US executes first inmate in seven months

A Georgia man has become the first inmate put to death since the US Supreme Court upheld the constitutionality of executions by lethal injection.

A Georgia man has become the first inmate put to death since the US Supreme Court upheld the constitutionality of executions by lethal injection.

Convicted killer William Earl Lynd was pronounced dead at 7:51pm local time, a state prisons official said.

The 53-year-old Lynd was convicted of kidnapping and shooting to death his 26-year-old girlfriend two days before Christmas in 1988.

The roughly three dozen US states that use lethal injection held off on carrying out any executions for more than seven months while the US Supreme Court reviewed the constitutionality of the three-drug cocktail that is used.

It was the longest pause in US executions in a quarter of a century.

The Supreme Court last month upheld the legality of lethal injections, and Georgia was the first state to carry one out.

Lynd, 53, was sentenced to die for kidnapping and shooting his live-in girlfriend, Ginger Moore, three times in the face and head two decades ago.

After he buried Moore’s body in a shallow grave near a south Georgia farm, authorities said Lynd fled to Ohio, where he shot and killed another woman who had stopped along the side of the road to help him.

Lynd has never denied killing Moore, 26, two days before Christmas in 1988.

But his lawyers had sought a last minute reprieve from the courts, arguing that new forensic medical evidence showed he could not have kidnapped her because she was already dead when he stuffed her in the trunk of her car.

Prosecutors alleged that Moore was still alive when Lynd placed her in the trunk – despite two gunshot wounds to the head.

They said Lynd confessed to authorities that he fired the final, lethal shot when he heard her “thumping around” in the trunk.

The kidnapping had been an essential “aggravating” circumstance that made Lynd eligible for the death penalty.

Lawyers say Lynd and Moore had a volatile relationship and were in a heated argument over a trip to Florida when he shot her.
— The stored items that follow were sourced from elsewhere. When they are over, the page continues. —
(* Consider the stationary M/M/1/K queue with arrival rate $\lambda>0$, service rate $\mu>0$, $\rho=\lambda/\mu$, capacity $K\ge1$, queue length process $\{Q(t)\}$ and departure process $\{D(t)\}$. Then $$\lim_{t\to\infty}\mathrm{Cov}\big(D(t),Q(t)\big)=\begin{cases}\rho^{K+1}\dfrac{K^2(\rho-1)^2(1+3\rho^{K+1})-2\rho(\rho^K-1)(-2+\rho+\rho^{K+2})+K(\rho-1)(-1+3\rho-7\rho^{K+1}+5\rho^{K+2})}{2(\rho-1)^2(\rho^{K+1}-1)^3}, & \rho\neq1,\\[1em] -\dfrac{K(K+2)}{24}, & \rho=1.\end{cases}$$
   Context: The M/M/1/K queue: a single server, Poisson arrivals at rate $\lambda$, exponential service with rate $\mu$, and at most $K$ customers in the system (arrivals finding $K$ customers are lost). $Q(t)\in\{0,\dots,K\}$ is the number in system, a birth–death chain with up-rate $\lambda$ and down-rate $\mu$; ''stationary'' means $Q(0)$ has the stationary distribution $\pi_i=\frac{1-\rho}{1-\rho^{K+1}}\rho^i$ ($\rho\ne1$), $\pi_i=\frac1{K+1}$ ($\rho=1$). $D(t)$ is the number of service completions in $[0,t]$. *)

From Stdlib Require Import Reals Lra Lia Arith ClassicalEpsilon.
Open Scope R_scope.

(** Value of a real series (sum_{n>=0} u n).  Chosen by Hilbert's epsilon
    among the limits of the partial sums; all series used below converge. *)
Definition series_value (u : nat -> R) : R :=
  epsilon (inhabits 0%R) (fun l => infinite_sum u l).
(* For an idempotent e of S let nu e be the join in T of the alpha f over the idempotents
   f < e, and pi e the complement of nu e in alpha e.  The pi e are pairwise orthogonal,
   alpha e is the join of the pi f over f <= e, and alpha y pi (d y) = pi (r y) alpha y.
   Hence the elements alpha x pi (d x) multiply like the arrows x of the groupoid (with
   product 0 when x y is undefined) and are pairwise compatible along a local bisection A;
   gamma A is their join.  Conversely, a morphism agreeing with alpha on the a^down is
   determined by its values on singletons: e^down is the disjoint union of {e} and the
   idempotents below e, which forces {e} to go to pi e, and {x} = x^down {d x}. *)

(* [assoc_rw mA h] rewrites with [h : x1 * .. * xk = z] (or [h : idem _ e]) inside any
   left-nested product, after normalising with the associativity law [mA]. *)
Ltac assoc_rw mA h :=
  let h1 := fresh "h" in let h2 := fresh "h" in
  have h1 := h; rewrite ?/idem ?mA in h1;
  lazymatch type of h1 with
  | ?m _ _ = _ =>
      have h2 := fun a => ltac:(have h3 := congr1 (m a) h1; rewrite ?mA in h3; exact: h3)
  end;
  rewrite ?mA; repeat (first [rewrite h2 | rewrite h1]; rewrite ?mA);
  clear h1 h2.

Section InverseSemigroup.
Variables (X : Type) (mul : X -> X -> X) (inv : X -> X).
Hypothesis HX : inverse_semigroup_axioms mul inv.
Local Infix "•" := mul (at level 40, left associativity).
Local Notation idem := (idem mul).
Local Notation nle := (nle mul inv).

Lemma mulA a b c : a • (b • c) = a • b • c.
Proof. by case: HX => h _; apply: h. Qed.

Local Ltac arw := assoc_rw mulA.

Lemma mul_inv_mul s : s • inv s • s = s.
Proof. by case: HX => _ [h _]; rewrite -mulA; case: (h s) => <-. Qed.

Lemma inv_mul_inv s : inv s • s • inv s = inv s.
Proof. by case: HX => _ [h _]; rewrite -mulA; case: (h s) => _ <-. Qed.

Lemma inv_uniq s t : s • t • s = s -> t • s • t = t -> t = inv s.
Proof. by case: HX => _ [_ h] h1 h2; apply: h; rewrite mulA. Qed.

Lemma invK s : inv (inv s) = s.
Proof. by symmetry; apply: inv_uniq; [exact: inv_mul_inv | exact: mul_inv_mul]. Qed.

Lemma idem_inv e : idem e -> inv e = e.
Proof. by move=> he; symmetry; apply: inv_uniq; rewrite !he. Qed.

(* The inverse [b] of [e f] satisfies [b = f b e] and is idempotent, so [e f = inv b = b]. *)
Lemma idem_mul e f : idem e -> idem f -> idem (e • f).
Proof.
move=> he hf; set b := inv (e • f).
have hb : f • b • e = b.
  apply: inv_uniq; rewrite /b.
  - by arw hf; arw he; arw (mul_inv_mul (e • f)).
  - by arw he; arw hf; arw (inv_mul_inv (e • f)).
have idem_b : idem b.
  rewrite /idem -{1 2}hb /b; arw (inv_mul_inv (e • f)).
  by rewrite -/b hb.
have -> : e • f = inv b.
  by apply: inv_uniq; rewrite /b; [arw (inv_mul_inv (e • f)) | arw (mul_inv_mul (e • f))].
by rewrite idem_inv.
Qed.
His attorney, Tom Dunn, argued that the shooting was not premeditated but, rather, took place during an argument and after taking Valium, marijuana and alcohol.

In the days leading up to Lynd’s execution, Mr Dunn asked several courts, including the US Supreme Court, to block it but was turned down each time.

Death penalty opponents staged vigils around the state to protest the first of an expected wave of executions around the country.

Texas conducted the nation’s previous execution, putting Michael Richard to death on September 25, 2007, the same day the Supreme Court agreed to consider a Kentucky case brought by two prisoners who claimed the lethal injection method violated the constitutional ban on cruel and unusual punishment.